Every line below that has the word "otherwise" counts once; report how many lines that makes, with no other words.

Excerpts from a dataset
┌──

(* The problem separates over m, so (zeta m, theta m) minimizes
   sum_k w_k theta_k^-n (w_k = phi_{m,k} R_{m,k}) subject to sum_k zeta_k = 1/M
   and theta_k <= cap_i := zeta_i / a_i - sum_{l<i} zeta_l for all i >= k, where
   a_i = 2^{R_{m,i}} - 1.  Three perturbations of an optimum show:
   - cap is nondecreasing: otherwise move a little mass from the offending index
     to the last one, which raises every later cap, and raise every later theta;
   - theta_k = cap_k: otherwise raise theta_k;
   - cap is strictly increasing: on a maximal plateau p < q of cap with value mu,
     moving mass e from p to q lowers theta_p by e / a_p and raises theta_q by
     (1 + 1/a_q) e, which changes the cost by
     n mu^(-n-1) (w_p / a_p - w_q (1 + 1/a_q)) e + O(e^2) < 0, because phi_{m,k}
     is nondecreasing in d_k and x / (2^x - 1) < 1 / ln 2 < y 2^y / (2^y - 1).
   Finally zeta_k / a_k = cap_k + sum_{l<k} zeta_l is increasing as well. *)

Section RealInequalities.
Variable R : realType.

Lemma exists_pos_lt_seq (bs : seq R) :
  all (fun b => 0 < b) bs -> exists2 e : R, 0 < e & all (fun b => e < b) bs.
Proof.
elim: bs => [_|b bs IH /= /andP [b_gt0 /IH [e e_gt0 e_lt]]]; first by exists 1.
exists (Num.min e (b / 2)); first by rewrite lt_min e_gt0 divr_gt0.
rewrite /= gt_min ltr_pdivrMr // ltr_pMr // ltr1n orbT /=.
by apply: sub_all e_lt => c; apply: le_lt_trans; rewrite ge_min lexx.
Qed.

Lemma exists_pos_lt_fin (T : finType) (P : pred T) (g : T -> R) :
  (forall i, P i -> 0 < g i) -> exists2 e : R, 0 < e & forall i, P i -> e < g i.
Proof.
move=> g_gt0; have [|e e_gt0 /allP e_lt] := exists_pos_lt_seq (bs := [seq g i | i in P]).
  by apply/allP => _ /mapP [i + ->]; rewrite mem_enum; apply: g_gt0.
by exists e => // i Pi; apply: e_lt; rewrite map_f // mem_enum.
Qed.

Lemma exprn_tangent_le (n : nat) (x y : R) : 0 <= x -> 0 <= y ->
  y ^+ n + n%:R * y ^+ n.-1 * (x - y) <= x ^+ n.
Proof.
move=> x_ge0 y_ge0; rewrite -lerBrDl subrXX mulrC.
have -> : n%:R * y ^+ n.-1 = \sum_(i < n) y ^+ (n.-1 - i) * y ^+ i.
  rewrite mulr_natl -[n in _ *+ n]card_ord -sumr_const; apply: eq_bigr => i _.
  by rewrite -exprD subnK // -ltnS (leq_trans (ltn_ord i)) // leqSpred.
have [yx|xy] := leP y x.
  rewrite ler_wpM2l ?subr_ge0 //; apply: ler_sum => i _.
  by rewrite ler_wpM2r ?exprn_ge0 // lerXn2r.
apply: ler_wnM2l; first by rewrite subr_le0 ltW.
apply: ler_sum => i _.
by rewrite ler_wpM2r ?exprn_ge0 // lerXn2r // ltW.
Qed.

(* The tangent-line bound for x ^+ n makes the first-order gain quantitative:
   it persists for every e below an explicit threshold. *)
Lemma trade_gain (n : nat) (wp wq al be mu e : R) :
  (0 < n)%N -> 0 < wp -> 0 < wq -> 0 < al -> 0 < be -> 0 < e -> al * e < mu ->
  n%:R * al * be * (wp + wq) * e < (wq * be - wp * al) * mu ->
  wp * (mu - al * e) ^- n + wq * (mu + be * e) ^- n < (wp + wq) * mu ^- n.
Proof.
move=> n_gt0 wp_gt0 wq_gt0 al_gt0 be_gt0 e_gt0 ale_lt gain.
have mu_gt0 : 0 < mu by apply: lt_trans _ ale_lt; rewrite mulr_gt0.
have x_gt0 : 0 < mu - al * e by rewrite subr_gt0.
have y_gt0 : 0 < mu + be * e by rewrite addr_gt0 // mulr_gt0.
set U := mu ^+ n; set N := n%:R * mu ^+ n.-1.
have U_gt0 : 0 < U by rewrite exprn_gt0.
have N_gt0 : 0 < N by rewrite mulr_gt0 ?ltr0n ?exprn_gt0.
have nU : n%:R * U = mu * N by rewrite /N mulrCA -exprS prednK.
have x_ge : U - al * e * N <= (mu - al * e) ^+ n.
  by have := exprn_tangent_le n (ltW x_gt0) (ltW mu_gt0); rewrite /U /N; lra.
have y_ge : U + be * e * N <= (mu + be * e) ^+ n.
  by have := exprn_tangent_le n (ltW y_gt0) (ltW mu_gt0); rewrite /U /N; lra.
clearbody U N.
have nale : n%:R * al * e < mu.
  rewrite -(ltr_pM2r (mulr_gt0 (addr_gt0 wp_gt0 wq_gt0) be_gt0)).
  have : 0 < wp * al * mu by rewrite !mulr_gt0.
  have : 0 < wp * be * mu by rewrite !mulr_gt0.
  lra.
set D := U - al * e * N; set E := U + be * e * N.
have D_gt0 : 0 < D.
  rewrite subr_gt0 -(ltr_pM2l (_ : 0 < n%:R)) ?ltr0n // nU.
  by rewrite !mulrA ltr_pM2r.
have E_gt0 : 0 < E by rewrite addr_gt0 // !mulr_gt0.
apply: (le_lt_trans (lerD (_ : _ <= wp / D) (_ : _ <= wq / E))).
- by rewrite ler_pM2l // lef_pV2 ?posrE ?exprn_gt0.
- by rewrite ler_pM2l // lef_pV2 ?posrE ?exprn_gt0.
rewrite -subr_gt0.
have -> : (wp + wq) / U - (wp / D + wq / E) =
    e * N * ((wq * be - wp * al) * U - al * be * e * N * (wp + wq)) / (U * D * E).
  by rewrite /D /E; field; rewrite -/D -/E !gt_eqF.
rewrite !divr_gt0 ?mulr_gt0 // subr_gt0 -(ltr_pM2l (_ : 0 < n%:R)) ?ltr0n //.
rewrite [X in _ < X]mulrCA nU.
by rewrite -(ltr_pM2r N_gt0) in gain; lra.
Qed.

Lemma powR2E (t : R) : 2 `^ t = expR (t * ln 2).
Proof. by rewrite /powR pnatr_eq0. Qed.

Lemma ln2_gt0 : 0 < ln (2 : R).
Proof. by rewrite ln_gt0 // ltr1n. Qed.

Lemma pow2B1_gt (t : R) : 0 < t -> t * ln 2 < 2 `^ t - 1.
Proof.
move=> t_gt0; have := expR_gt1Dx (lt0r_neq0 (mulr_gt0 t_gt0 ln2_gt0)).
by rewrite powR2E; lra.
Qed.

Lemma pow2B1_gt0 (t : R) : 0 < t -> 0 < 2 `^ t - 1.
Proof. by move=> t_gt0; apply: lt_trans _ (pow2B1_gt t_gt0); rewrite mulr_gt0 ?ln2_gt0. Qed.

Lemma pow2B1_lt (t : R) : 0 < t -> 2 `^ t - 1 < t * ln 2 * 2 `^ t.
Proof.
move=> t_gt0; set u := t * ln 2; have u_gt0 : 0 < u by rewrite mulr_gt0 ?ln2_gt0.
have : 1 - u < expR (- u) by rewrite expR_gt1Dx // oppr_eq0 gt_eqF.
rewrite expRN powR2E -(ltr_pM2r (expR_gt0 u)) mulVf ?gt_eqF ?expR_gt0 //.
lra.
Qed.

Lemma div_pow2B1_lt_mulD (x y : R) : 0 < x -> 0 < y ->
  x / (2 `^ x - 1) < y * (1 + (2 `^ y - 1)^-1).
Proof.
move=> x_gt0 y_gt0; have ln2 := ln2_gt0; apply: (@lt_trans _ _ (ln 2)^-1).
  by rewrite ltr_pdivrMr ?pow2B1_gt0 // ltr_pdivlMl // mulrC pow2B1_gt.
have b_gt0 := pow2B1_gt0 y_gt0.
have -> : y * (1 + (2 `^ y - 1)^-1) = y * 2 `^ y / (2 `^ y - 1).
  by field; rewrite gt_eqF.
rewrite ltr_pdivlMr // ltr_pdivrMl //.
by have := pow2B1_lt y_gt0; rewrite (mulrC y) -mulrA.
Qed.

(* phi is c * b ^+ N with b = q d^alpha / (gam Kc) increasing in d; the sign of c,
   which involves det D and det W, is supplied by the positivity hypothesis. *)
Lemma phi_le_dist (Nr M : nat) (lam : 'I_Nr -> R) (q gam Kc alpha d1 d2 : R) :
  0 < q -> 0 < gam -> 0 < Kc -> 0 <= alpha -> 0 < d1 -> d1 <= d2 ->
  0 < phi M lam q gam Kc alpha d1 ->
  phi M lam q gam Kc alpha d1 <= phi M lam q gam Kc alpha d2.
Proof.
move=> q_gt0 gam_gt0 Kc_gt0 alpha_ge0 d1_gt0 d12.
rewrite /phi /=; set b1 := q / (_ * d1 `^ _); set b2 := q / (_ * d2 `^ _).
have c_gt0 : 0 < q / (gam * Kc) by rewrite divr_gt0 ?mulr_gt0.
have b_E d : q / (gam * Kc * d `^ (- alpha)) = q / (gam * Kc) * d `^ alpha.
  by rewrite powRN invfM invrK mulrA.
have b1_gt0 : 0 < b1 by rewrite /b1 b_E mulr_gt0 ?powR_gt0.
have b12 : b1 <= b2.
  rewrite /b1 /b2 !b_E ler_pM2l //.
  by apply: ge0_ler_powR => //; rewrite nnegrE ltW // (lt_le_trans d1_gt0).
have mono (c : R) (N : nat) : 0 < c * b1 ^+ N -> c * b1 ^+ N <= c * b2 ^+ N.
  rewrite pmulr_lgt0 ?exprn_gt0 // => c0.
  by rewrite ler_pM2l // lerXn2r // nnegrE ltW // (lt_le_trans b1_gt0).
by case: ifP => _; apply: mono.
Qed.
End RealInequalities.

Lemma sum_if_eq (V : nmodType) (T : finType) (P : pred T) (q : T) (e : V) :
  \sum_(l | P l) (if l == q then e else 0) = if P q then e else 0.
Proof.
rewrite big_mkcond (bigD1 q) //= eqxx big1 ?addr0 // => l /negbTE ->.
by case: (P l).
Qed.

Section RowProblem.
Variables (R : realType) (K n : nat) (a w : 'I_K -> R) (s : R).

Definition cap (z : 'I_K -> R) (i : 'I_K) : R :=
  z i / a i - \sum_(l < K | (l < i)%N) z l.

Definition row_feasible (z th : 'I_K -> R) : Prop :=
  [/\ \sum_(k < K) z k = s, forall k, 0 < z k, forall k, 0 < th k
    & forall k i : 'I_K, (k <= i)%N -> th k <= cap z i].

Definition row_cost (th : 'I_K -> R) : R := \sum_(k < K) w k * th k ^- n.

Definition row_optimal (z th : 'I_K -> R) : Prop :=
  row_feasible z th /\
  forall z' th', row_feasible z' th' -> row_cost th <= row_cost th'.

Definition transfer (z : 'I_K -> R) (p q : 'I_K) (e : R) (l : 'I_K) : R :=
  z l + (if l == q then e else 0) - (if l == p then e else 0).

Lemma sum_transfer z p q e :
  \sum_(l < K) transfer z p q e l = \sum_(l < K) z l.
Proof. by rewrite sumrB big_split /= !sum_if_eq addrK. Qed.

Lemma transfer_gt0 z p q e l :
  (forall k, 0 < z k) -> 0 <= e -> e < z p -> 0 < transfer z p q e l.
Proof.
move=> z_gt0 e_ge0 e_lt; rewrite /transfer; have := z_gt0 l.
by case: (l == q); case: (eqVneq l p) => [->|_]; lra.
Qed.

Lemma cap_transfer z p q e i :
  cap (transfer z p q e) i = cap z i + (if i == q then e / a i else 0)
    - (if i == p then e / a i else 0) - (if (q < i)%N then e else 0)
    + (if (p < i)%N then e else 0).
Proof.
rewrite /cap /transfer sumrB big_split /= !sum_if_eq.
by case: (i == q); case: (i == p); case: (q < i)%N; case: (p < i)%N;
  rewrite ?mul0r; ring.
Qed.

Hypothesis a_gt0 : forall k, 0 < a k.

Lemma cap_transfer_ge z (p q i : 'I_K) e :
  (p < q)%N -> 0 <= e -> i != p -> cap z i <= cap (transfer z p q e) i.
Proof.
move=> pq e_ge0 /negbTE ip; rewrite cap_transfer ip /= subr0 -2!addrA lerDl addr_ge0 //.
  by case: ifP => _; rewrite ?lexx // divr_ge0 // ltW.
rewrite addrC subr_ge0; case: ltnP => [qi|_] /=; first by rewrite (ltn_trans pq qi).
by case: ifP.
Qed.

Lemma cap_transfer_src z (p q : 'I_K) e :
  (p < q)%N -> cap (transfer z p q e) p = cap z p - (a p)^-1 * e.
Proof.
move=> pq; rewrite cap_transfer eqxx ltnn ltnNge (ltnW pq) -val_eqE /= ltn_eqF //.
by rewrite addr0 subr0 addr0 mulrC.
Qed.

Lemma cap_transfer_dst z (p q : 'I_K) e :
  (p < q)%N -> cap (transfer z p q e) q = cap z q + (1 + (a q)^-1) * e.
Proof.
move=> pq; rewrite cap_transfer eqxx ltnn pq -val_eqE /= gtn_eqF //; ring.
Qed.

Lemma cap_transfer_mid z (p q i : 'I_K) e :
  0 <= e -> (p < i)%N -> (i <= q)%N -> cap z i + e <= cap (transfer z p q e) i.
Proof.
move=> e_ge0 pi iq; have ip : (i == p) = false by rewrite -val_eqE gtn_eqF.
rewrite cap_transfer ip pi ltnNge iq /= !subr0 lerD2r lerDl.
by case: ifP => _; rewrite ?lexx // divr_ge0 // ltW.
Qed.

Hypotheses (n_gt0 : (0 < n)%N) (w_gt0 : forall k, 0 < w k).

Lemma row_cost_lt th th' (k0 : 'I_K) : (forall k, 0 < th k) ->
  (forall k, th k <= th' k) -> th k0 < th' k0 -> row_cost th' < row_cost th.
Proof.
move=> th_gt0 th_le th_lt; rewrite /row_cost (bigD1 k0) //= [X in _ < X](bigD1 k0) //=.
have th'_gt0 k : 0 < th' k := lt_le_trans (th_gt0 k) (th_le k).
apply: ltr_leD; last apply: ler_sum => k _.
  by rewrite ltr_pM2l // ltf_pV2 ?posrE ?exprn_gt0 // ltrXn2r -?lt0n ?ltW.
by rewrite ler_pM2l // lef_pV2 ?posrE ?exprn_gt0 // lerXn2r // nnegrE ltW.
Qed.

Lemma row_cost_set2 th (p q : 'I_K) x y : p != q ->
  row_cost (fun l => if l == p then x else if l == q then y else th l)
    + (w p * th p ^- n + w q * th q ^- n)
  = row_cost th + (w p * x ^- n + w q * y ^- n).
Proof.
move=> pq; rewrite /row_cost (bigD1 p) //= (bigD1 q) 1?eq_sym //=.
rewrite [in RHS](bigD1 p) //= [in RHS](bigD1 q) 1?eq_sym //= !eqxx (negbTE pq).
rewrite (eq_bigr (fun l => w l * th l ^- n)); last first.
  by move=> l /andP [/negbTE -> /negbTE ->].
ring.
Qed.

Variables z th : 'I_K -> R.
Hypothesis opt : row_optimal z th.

└──
┌──

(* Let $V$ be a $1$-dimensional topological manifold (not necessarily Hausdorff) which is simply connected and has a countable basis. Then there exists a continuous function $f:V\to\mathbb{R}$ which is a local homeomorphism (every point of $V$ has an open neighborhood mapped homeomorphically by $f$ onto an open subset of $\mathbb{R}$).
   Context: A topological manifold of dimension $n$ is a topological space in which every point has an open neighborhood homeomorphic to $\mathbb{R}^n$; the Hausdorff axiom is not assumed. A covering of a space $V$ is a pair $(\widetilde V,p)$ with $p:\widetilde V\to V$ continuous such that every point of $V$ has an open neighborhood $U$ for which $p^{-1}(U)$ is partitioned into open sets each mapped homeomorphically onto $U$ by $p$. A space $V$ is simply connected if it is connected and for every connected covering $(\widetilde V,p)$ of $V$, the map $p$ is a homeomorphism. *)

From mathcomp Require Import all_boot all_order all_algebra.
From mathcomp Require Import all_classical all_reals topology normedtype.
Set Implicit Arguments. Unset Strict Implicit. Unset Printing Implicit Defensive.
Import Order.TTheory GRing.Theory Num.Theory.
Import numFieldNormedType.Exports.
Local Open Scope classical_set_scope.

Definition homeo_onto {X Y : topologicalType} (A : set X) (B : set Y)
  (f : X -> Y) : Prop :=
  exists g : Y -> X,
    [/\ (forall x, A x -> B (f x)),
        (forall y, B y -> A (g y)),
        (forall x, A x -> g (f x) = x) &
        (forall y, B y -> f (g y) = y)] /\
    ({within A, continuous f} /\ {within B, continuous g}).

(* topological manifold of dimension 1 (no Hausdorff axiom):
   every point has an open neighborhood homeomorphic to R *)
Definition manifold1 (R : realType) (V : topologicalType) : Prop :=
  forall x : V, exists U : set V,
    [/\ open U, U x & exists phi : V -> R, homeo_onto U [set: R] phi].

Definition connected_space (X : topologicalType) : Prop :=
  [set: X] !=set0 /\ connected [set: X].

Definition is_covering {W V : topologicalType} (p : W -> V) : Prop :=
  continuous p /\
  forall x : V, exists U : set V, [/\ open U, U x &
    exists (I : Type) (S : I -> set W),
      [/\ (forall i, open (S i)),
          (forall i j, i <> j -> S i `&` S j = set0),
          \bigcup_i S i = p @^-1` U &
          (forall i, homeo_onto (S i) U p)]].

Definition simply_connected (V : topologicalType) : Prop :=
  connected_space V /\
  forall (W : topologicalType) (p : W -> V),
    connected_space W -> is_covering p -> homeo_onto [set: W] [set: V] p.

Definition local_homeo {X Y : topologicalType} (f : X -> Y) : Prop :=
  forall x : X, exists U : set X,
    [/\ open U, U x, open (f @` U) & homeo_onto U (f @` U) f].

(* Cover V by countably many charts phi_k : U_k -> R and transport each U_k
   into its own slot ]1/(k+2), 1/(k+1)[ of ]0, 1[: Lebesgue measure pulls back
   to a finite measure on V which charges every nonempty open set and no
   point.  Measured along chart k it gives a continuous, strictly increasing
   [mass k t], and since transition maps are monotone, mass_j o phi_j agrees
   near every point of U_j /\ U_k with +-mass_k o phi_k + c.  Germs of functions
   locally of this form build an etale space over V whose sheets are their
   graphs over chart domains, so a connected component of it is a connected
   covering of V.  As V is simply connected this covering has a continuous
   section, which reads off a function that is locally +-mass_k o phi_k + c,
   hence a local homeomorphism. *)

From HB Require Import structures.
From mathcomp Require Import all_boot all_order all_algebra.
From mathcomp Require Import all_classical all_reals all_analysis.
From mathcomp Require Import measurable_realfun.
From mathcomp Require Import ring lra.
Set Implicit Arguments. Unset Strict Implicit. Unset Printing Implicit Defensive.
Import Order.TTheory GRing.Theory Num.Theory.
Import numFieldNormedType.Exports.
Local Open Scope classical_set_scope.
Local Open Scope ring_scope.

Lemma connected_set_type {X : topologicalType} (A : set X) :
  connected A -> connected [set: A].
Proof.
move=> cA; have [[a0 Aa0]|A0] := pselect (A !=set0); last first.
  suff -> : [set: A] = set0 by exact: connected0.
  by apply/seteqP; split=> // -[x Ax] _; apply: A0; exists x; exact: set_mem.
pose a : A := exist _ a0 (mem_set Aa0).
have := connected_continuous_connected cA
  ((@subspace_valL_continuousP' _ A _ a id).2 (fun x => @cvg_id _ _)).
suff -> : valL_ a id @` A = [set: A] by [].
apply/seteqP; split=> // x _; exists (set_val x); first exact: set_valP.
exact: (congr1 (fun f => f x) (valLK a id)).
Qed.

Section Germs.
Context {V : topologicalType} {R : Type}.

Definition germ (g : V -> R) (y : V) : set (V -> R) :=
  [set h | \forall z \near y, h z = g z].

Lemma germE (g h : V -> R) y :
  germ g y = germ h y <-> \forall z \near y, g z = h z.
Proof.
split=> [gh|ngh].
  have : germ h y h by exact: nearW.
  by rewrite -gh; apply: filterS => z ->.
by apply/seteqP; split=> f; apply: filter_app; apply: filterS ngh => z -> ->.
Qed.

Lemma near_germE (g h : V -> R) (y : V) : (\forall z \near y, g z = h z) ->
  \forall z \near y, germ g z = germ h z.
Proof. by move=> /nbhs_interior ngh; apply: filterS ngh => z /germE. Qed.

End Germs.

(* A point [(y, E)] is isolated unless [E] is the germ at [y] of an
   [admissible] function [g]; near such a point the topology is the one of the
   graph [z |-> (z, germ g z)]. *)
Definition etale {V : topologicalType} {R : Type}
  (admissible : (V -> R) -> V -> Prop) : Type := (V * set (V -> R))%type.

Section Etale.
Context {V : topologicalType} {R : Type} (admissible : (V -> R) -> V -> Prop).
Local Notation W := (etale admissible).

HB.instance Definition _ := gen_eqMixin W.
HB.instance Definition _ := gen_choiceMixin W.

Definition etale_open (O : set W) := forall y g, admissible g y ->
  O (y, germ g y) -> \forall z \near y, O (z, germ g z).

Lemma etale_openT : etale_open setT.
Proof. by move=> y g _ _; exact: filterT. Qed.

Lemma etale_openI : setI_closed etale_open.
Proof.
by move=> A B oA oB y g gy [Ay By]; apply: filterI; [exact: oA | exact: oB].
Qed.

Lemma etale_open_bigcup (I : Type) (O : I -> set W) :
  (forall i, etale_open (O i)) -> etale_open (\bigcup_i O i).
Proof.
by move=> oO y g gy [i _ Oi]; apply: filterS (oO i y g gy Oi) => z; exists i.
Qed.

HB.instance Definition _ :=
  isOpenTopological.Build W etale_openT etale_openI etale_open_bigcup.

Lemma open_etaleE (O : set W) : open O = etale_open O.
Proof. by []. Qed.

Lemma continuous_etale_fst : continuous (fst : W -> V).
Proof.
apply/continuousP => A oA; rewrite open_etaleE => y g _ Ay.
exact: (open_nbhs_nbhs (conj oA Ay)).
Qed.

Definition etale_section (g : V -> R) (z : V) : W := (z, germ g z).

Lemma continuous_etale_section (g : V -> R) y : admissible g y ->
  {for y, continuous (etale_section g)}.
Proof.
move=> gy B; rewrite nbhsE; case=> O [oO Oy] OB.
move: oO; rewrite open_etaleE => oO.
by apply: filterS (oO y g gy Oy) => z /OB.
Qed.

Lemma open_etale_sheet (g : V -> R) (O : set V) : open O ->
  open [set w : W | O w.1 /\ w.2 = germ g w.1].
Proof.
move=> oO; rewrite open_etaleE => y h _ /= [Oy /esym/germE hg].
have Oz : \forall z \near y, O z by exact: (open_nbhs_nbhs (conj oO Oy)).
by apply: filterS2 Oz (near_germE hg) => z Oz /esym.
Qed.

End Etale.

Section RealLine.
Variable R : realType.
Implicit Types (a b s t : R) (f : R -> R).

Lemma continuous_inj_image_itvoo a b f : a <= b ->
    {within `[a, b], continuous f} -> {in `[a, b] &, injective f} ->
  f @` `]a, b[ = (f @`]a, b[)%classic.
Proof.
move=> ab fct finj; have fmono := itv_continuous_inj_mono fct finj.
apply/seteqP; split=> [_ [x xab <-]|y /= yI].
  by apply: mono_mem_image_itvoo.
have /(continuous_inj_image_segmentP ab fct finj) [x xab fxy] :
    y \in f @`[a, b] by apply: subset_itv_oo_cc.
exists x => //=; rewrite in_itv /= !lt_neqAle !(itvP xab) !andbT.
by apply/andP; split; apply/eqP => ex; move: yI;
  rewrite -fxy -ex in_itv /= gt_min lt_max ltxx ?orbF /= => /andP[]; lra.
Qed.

└──

◆ Your response
2